Heap, in contrast, took Heidi's team only a single sprint to implement, and immediately started giving them a wealth of data from the mobile app. With Heap, Heidi can define events on the fly, quickly look at conversion flows, and figure out where customers were dropping. She says, “Heap has helped me a lot with putting the roadmap and strategy together, along with how we can make it more simplistic and frictionless throughout the user’s journey.”
Live View is the best
Chelsea, Heidi, and Chip agree that their favorite Heap feature is Live View. Chelsea and Heidi both like the way Live View allows them to work through user flows in the Event Viewer and validate that the way they set up a report captures the events in the order they need. Heidi especially likes that Live View makes her feel more confident in the funnels or the reports that she creates.

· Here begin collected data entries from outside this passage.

Lemma le_norm_soft_threshold t a : 0 <= t -> `|a| <= `|soft_threshold t a| + t.
Proof.
move=> t0; case: (soft_threshold_cases a t0) => -[-> *].
- by rewrite !ger0_norm //; lra.
- by rewrite !ler0_norm //; lra.
- by rewrite normr0 add0r ler_norml; apply/andP; split.
Qed.

Lemma soft_threshold_lipschitz t u a b : 0 <= t -> 0 <= u ->
  `|soft_threshold t a - soft_threshold u b| <= `|a - b| + `|t - u|.
Proof.
move=> t0 u0.
have ab := ler_norm (a - b); have ba : b - a <= `|a - b| by rewrite distrC ler_norm.
have tu := ler_norm (t - u); have ut : u - t <= `|t - u| by rewrite distrC ler_norm.
rewrite ler_norml.
case: (soft_threshold_cases a t0) => -[-> *];
by case: (soft_threshold_cases b u0) => -[-> *]; apply/andP; split; lra.
Qed.

Lemma min_lipschitz a b t u : `|Num.min a t - Num.min b u| <= `|a - b| + `|t - u|.
Proof.
have ab := ler_norm (a - b); have ba : b - a <= `|a - b| by rewrite distrC ler_norm.
have tu := ler_norm (t - u); have ut : u - t <= `|t - u| by rewrite distrC ler_norm.
rewrite ler_norml; case: (leP a t) => ?; case: (leP b u) => ?;
by apply/andP; split; lra.
Qed.

End SoftThreshold.

Section Shrink.
Variables (R : realType) (n : nat).
Implicit Types (x y : 'rV[R]_n) (t u : R).

Definition shrink t x : 'rV[R]_n := map_mx (soft_threshold t) x.

Lemma shrink0 x : shrink 0 x = x.
Proof. by apply/rowP => i; rewrite mxE soft_threshold0. Qed.

Lemma shrink_small t x : `|x| <= t -> shrink t x = 0.
Proof.
move=> xt; apply/rowP => i; rewrite !mxE soft_threshold_small //.
exact: le_trans (norm_row_coord_le x i) xt.
Qed.

Lemma le_norm_shrink t x : 0 <= t -> `|x| <= `|shrink t x| + t.
Proof.
move=> t0; apply: norm_row_le => [|i]; first by rewrite addr_ge0.
apply: le_trans (le_norm_soft_threshold _ t0) _; rewrite lerD2r.
by have := norm_row_coord_le (shrink t x) i; rewrite mxE.
Qed.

Chip sums it up, “If I just turn on Live View and filter by my user ID, I can see everything that’s coming in. It’s just so much easier. It’s how it should be for all tools.”
The future with Heap
Now that Snapfish’s product managers don’t have to worry about gathering the right data, they are equipped to make better decisions and can quickly identify their business needs. The omni-channel data cascades upward into decision making and allows the PMs to be more strategic as they prioritize their feature roadmap. The things they long suspected were of high value to the business can now be proven. Using this data, they can make a case to management for the kind of resource allocations they need to make for product improvements.
Chip adds, “Before Heap, the best we could do understanding omni-channel data was stitching back-end data together. This didn’t allow us to truly follow users or understand their experience with our platform at all. So we were mostly making product improvement decisions based on gut instinct.”
When asked, Chip adamantly says there is zero question about recommending Heap.